● What to work on
Using the records below, give again exactly the lines from the line that contains "move=> z notE;" through the line that contains "End LabelProbability.", both ends included, and only those.

[Stored items from a collection]
Lemma pressure3_primitive_derive x y :
  is_derive (pressure3_primitive x) y
    (py (p 3%nat) x y t + px (py (u 3%nat)) x y t
     - sqrt 2 * (- sin y * px (v 3%nat) x y t + cos y * py (px (v 3%nat)) x y t)).
Proof.
  rewrite <- (smooth_mixed_partials a b (u 3%nat) t x y (u_smooth 3) Ht).
  assert (D1 : is_derive (fun w => p 3%nat x w t) y (py (p 3%nat) x y t))
    by apply Derive_correct, (p_y_derivable 3 nil).
  assert (D2 : is_derive (fun w => px (u 3%nat) x w t) y (py (px (u 3%nat)) x y t))
    by apply Derive_correct, (u_y_derivable 3 (cons 0%nat nil)).
  assert (D3 : is_derive (fun w => px (v 3%nat) x w t) y (py (px (v 3%nat)) x y t))
    by apply Derive_correct, (v_y_derivable 3 (cons 0%nat nil)).
  unfold pressure3_primitive. dsolve.
Qed.

Lemma pressure3_primitive_periodic x y :
  pressure3_primitive x (y + 2 * PI) = pressure3_primitive x y.
Proof.
  assert (Hu : px (u 3%nat) x (y + 2 * PI) t = px (u 3%nat) x y t).
  { apply Derive_ext. intros z. apply hier_periodic. }
  assert (Hv : px (v 3%nat) x (y + 2 * PI) t = px (v 3%nat) x y t).
  { apply Derive_ext. intros z. apply hier_periodic. }
  unfold pressure3_primitive.
  rewrite (proj2 (proj2 (hier_periodic 3 x y))), Hu, Hv, cos_plus, cos_2PI, sin_2PI. ring.
Qed.

(* Solvability at order 3: the mean over a period of the derivative of the
   periodic [pressure3_primitive] vanishes, which is the amplitude equation
   d_t A = - rho A - 3 d_x^4 A - sqrt 2 Rb d_x^2 A + 2/3 d_x^2 (A^3). *)
Lemma amplitude_solvability x :
  pt (v 0%nat) x 0 t = - rho t * A 0 x - 3 * A 4 x - sqrt 2 * Rb t * A 2 x
    + 2 / 3 * (6 * (A 0 x * A 1 x * A 1 x) + 3 * (A 0 x * A 0 x) * A 2 x).
Proof.
  evar (Q : R -> R -> R).
  assert (HD : forall y, Derive (pressure3_primitive x) y = Q (sin y) (cos y)).
  { intros y. rewrite (is_derive_unique _ _ _ (pressure3_primitive_derive x y)).
    expand_order 3%nat x y Hc Hm Hp. rewrite Hp.
    rewrite pyx_v3, pxx_v2, px_v2, px_v1, px_v0, py_v0, py_v1, py_v2, pt_v0, py_v3.
    rewrite u2_profile, u1_profile, u0_profile, v2_profile, v1_profile, (v0_profile t Ht).
    unfold trig, u2_cos, u2_cos_x, u2_cos_xx, u2_sin, u2_sin_x, u2_sin_xx. ring_simplify.
    (* read the right-hand side as a polynomial Q in (sin y, cos y) *)
    match goal with |- ?L = _ =>
      let L' := eval pattern (sin y), (cos y) in L in
      match L' with ?F _ _ => let e := eval cbv delta [Q] in Q in unify e F end end.
    subst Q. reflexivity. }
  (* the mean of Q over a period vanishes; Q is quadratic, so [field]
     checks its interpolation identity *)
  assert (HM := periodic_primitive_mean_poly _ Q
                  (fun y => ex_intro _ _ (pressure3_primitive_derive x y)) HD).
  specialize (HM ltac:(intros s c; subst Q; cbv beta; field)
                     (pressure3_primitive_periodic x)).
  subst Q. cbv beta in HM. ring_simplify in HM. rewrite sqrt2_sq, sqrt2_cube in HM.
  ring_simplify. rewrite ?sqrt2_sq, ?sqrt2_cube. lra.
Qed.

End FixedTime.
End Hierarchy.

Lemma dxx_cube_trace a b f t x : smooth_on a b f -> a < t < b ->
  dx (dx (fun z s => f z 0 s ^ 3)) x t =
  6 * (xtrace f 0 t x * xtrace f 1 t x * xtrace f 1 t x)
  + 3 * (xtrace f 0 t x * xtrace f 0 t x) * xtrace f 2 t x.
Proof.
  intros Hs Ht.
  pose proof (xtrace_derive a b f t Hs Ht 0) as D0.
  pose proof (xtrace_derive a b f t Hs Ht 1) as D1.
  unfold dx. change (fun w => f w 0 t ^ 3) with (fun w => xtrace f 0 t w ^ 3).
  rewrite (Derive_ext (fun z => Derive (fun w => xtrace f 0 t w ^ 3) z)
             (fun z => 3 * (xtrace f 0 t z * xtrace f 0 t z) * xtrace f 1 t z)).
  - apply is_derive_unique. dsolve.
  - intros z. apply is_derive_unique. dsolve. simpl. ring.
Qed.

Lemma amplitude_law_of_hierarchy a b rho Rb eb u v p :
  hierarchy a b rho Rb eb u v p ->
  amplitude_law a b (fun t => - rho t) (fun t => - sqrt 2 * Rb t) u v.
Proof.
  intros H. exists (fun x t => v 0%nat x 0 t). split.
  - intros x y t Ht. split.
    + exact (v0_profile a b rho Rb eb u v p H t Ht x y).
    + rewrite (u0_profile a b rho Rb eb u v p H t Ht). unfold trig.
      change (xtrace (v 0%nat) 0 t x) with (v 0%nat x 0 t). ring.
  - intros x t Ht.
    rewrite (dxx_cube_trace a b (v 0%nat) t x (v_smooth a b rho Rb eb u v p H 0) Ht).
    change (dt (fun x t => v 0%nat x 0 t) x t) with (pt (v 0%nat) x 0 t).
    rewrite (amplitude_solvability a b rho Rb eb u v p H t Ht x).
    change (dx (dx (dx (dx (fun x t => v 0%nat x 0 t)))) x t) with (xtrace (v 0%nat) 4 t x).
    change (dx (dx (fun x t => v 0%nat x 0 t)) x t) with (xtrace (v 0%nat) 2 t x).
    change (v 0%nat x 0 t) with (xtrace (v 0%nat) 0 t x).
    ring.
Qed.
Lemma dBstar_lt_dPstar (m : R) : (1 < K)%N -> 0 < gamma -> 0 <= m ->
  (forall a b : 'I_K, a != b -> row a B != row b B) ->
  (forall c, m < community_size z c) ->
  ((gamma * Num.sqrt m)%:E * dBstar B < dPstar gamma B z)%E.
Proof.
move=> K_gt1 gamma_gt0 m0 rowsB big.
pose D (a b : 'I_K) := \sum_(k < K) (B a k - B b k) ^+ 2.
have scaled_le a b : a != b ->
    ((gamma * Num.sqrt m)%:E * dBstar B <= (gamma * Num.sqrt m * Num.sqrt (D a b))%:E)%E.
  move=> ab; rewrite [X in (_ <= X)%E]EFinM lee_wpmul2l ?dBstar_le // lee_fin.
  by rewrite mulr_ge0 ?sqrtr_ge0 // ltW.
rewrite /dPstar; apply: (big_ind (fun y => _ < y)%E).
- apply: le_lt_trans (scaled_le (Ordinal (ltnW K_gt1)) (Ordinal K_gt1) _) _ => //.
  exact: ltey.
- by move=> x y xl yl; rewrite lt_min xl yl.
move=> [i j] /= zij.
have sep : m * D (z i) (z j) <
    \sum_(c < K) community_size z c * (B (z i) c - B (z j) c) ^+ 2.
  apply: ltr_weighted_sum => // [c|]; first exact: sqr_ge0.
  have [k /negPf nk] := row_neq_exists (rowsB _ _ zij).
  by exists k; rewrite lt_def sqr_ge0 andbT sqrf_eq0 subr_eq0 nk.
have D0 : 0 <= m * D (z i) (z j) by rewrite mulr_ge0 // sumr_ge0 // => k _; exact: sqr_ge0.
apply: le_lt_trans (scaled_le _ _ zij) _.
rewrite lte_fin rowdistPE ?ltW // -mulrA ltr_pM2l // -sqrtrM // ltr_sqrt //.
exact: le_lt_trans sep.
Qed.

End RowSeparation.

Section LowerBound.
Variable R : realType.

Lemma rho_min_le (K : nat) (rho : 'I_K -> R) (c : 'I_K) : rho_min rho <= rho c.
Proof.
rewrite /rho_min; set m := (\big[mine/+oo]_(k < K) (rho k)%:E)%E.
have m_le : (m <= (rho c)%:E)%E by rewrite /m (bigD1 c) //= ge_min lexx.
have m_fin : m \is a fin_num.
  rewrite fin_numE; apply/andP; split; last by apply: contraTneq m_le => ->.
  by apply: (big_ind (fun x => x != -oo)%E) => // x y; rewrite /Order.min; case: ifP.
by rewrite -lee_fin fineK.
Qed.

Lemma LnE (n : nat) (rm : R) : 0 <= rm ->
  Ln n rm = 2 * expR (- (n%:R * rm ^+ 2 / (8 * (1 + rm / 6)))).
Proof. by move=> rm0; rewrite /Ln; congr (_ * expR (- _)); field; lra. Qed.

Lemma expR_le_Ln (n : nat) (rm : R) : 0 <= rm ->
  expR (- (n%:R * rm ^+ 2 / 8)) <= Ln n rm.
Proof.
move=> rm0; rewrite LnE //.
set a := n%:R * rm ^+ 2.
have a0 : 0 <= a by rewrite mulr_ge0 ?sqr_ge0.
have : expR (- (a / 8)) <= expR (- (a / (8 * (1 + rm / 6)))).
  rewrite ler_expR lerN2 ler_pdivrMr ?mulr_gt0 //; last by lra.
  rewrite mulrAC -mulrA ler_peMr ?divr_ge0 //; lra.
have := expR_ge0 (- (a / (8 * (1 + rm / 6)))); lra.
Qed.

Lemma binomial2_natr (k : nat) : ('C(k, 2) * 2)%:R = k%:R * (k%:R - 1) :> R.
Proof.
case: k => [|k]; first by rewrite bin0n mul0n mul0r.
by rewrite -[2%N]/(2`!) bin_ffact ffactnS ffactn1 natrM -natr1 addrK.
Qed.

Lemma lower_boundE (n k : nat) (rm : R) : (1 < k)%N -> 0 <= rm ->
  lower_bound n k rm =
  1 - expR (- (n%:R * rm ^+ 2 / (8 * (1 + rm / 6)) - ln (k%:R ^+ 2 * (k%:R - 1)))).
Proof.
move=> k_gt1 rm0; have k1 : 1 < k%:R :> R by rewrite ltr1n.
rewrite /lower_bound LnE // opprB expRD lnK ?posrE; last first.
  by rewrite mulr_gt0 ?exprn_gt0 ?subr_gt0 //; lra.
set E := expR _; congr (_ - _).
have -> : 'C(k, 2)%:R * k%:R * (2 * E) = ('C(k, 2) * 2)%:R * k%:R * E by rewrite natrM; ring.
by rewrite binomial2_natr; ring.
Qed.

Lemma lower_bound_le (n k : nat) (rm : R) : (1 < k)%N ->
  lower_bound n k rm <= 1 - k%:R * Ln n rm.
Proof.
move=> k_gt1; rewrite lerB // -mulrA ler_peMl ?mulr_ge0 ?expR_ge0 //.
by rewrite ler1n bin_gt0.
Qed.

End LowerBound.

Section LabelProbability.
Variable R : realType.

Lemma label_prob_dBstar_lt_dPstar (n K : nat) (rho : 'I_K -> R) (B : 'M[R]_K)
    (gamma : R) :
  (1 < K)%N -> (forall k, 0 <= rho k) -> \sum_(k < K) rho k = 1 ->
  0 < rho_min rho -> (forall a b : 'I_K, a != b -> row a B != row b B) ->
  0 < gamma ->
  1 - K%:R * Ln n (rho_min rho) <=
  label_prob rho (fun z : {ffun 'I_n -> 'I_K} =>
    ((gamma * Num.sqrt (Emin n (rho_min rho)))%:E * dBstar B < dPstar gamma B z)%E).
Proof.
move=> K_gt1 rho_ge0 rho_sum1 rm_gt0 rowsB gamma_gt0.
set rm := rho_min rho in rm_gt0 *.
rewrite (label_probC rho_sum1) lerD2l lerN2.
apply: le_trans (label_prob_union_bound rho_ge0
  (F := fun c z => community_size z c <= Emin n rm) _) _.
  move=> z notE; apply/existsP; apply: contraNT notE => /existsPn small.
  apply: (dBstar_lt_dPstar K_gt1 gamma_gt0 _ rowsB) => [|c].
    by rewrite /Emin divr_ge0 // mulr_ge0 // ltW.
  by rewrite ltNge small.
rewrite [leRHS]mulr_natl -[in leRHS](card_ord K) -sumr_const.
apply: ler_sum => c _; apply: le_trans (expR_le_Ln n (ltW rm_gt0)).
exact: (community_size_tail n rho_ge0 rho_sum1 rm_gt0 (rho_min_le _ c)).
Qed.

Lemma lower_bound_cvg1 (K : nat -> nat) (rm : nat -> R) :
  (forall n, (1 < K n)%N) -> (forall n, 0 <= rm n) ->
  (fun n : nat => n%:R * rm n ^+ 2 / (8 * (1 + rm n / 6))
                  - ln ((K n)%:R ^+ 2 * ((K n)%:R - 1))) @ \oo --> +oo ->
  (fun n : nat => lower_bound n (K n) (rm n)) @ \oo --> (1 : R).
Proof.
move=> K_gt1 rm0 diverge.
rewrite (funext (fun n => lower_boundE n (K_gt1 n) (rm0 n))).
rewrite -[X in _ --> X](subr0 1); apply: cvgB; first exact: cvg_cst.
exact: cvg_comp diverge (@cvgr_expR R).
Qed.

End LabelProbability.

Theorem lemma8 (R : realType) (K : nat -> nat)
  (rho : forall n : nat, 'I_(K n) -> R)
  (B : forall n : nat, 'M[R]_(K n))
  (gamma : nat -> R)
  (hK : forall n, (2 <= K n)%N)
  (hrho_ge0 : forall n k, 0 <= rho n k)
  (hrho_sum : forall n, \sum_(k < K n) rho n k = 1)
  (hrho_min : forall n, 0 < rho_min (rho n))
  (hB01 : forall n a b, 0 <= B n a b <= 1)
  (hBrows : forall n (a b : 'I_(K n)), a != b -> row a (B n) != row b (B n))
  (hgamma : forall n, 0 < gamma n <= 1) :
  (forall n : nat,
     label_prob (rho n)
       (fun z : {ffun 'I_n -> 'I_(K n)} =>
          ((gamma n * Num.sqrt (Emin n (rho_min (rho n))))%:E * dBstar (B n)
             < dPstar (gamma n) (B n) z)%E)
     >= lower_bound n (K n) (rho_min (rho n)))
  /\
  ((fun n : nat =>
      n%:R * rho_min (rho n) ^+ 2 / (8 * (1 + rho_min (rho n) / 6))
      - ln ((K n)%:R ^+ 2 * ((K n)%:R - 1))) @ \oo --> +oo ->
   (fun n : nat => lower_bound n (K n) (rho_min (rho n))) @ \oo --> (1 : R)).
Proof.
split=> [n | ]; last by apply: lower_bound_cvg1 => // n; exact: ltW.
have [gamma_gt0 _] := andP (hgamma n).
apply: le_trans (lower_bound_le _ _ (hK n)) _.
exact: (label_prob_dBstar_lt_dPstar n (hK n) (hrho_ge0 n) (hrho_sum n) (hrho_min n)
  (hBrows n) gamma_gt0).
Qed.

● Problem solution
  move=> z notE; apply/existsP; apply: contraNT notE => /existsPn small.
  apply: (dBstar_lt_dPstar K_gt1 gamma_gt0 _ rowsB) => [|c].
    by rewrite /Emin divr_ge0 // mulr_ge0 // ltW.
  by rewrite ltNge small.
rewrite [leRHS]mulr_natl -[in leRHS](card_ord K) -sumr_const.
apply: ler_sum => c _; apply: le_trans (expR_le_Ln n (ltW rm_gt0)).
exact: (community_size_tail n rho_ge0 rho_sum1 rm_gt0 (rho_min_le _ c)).
Qed.

Lemma lower_bound_cvg1 (K : nat -> nat) (rm : nat -> R) :
  (forall n, (1 < K n)%N) -> (forall n, 0 <= rm n) ->
  (fun n : nat => n%:R * rm n ^+ 2 / (8 * (1 + rm n / 6))
                  - ln ((K n)%:R ^+ 2 * ((K n)%:R - 1))) @ \oo --> +oo ->
  (fun n : nat => lower_bound n (K n) (rm n)) @ \oo --> (1 : R).
Proof.
move=> K_gt1 rm0 diverge.
rewrite (funext (fun n => lower_boundE n (K_gt1 n) (rm0 n))).
rewrite -[X in _ --> X](subr0 1); apply: cvgB; first exact: cvg_cst.
exact: cvg_comp diverge (@cvgr_expR R).
Qed.

End LabelProbability.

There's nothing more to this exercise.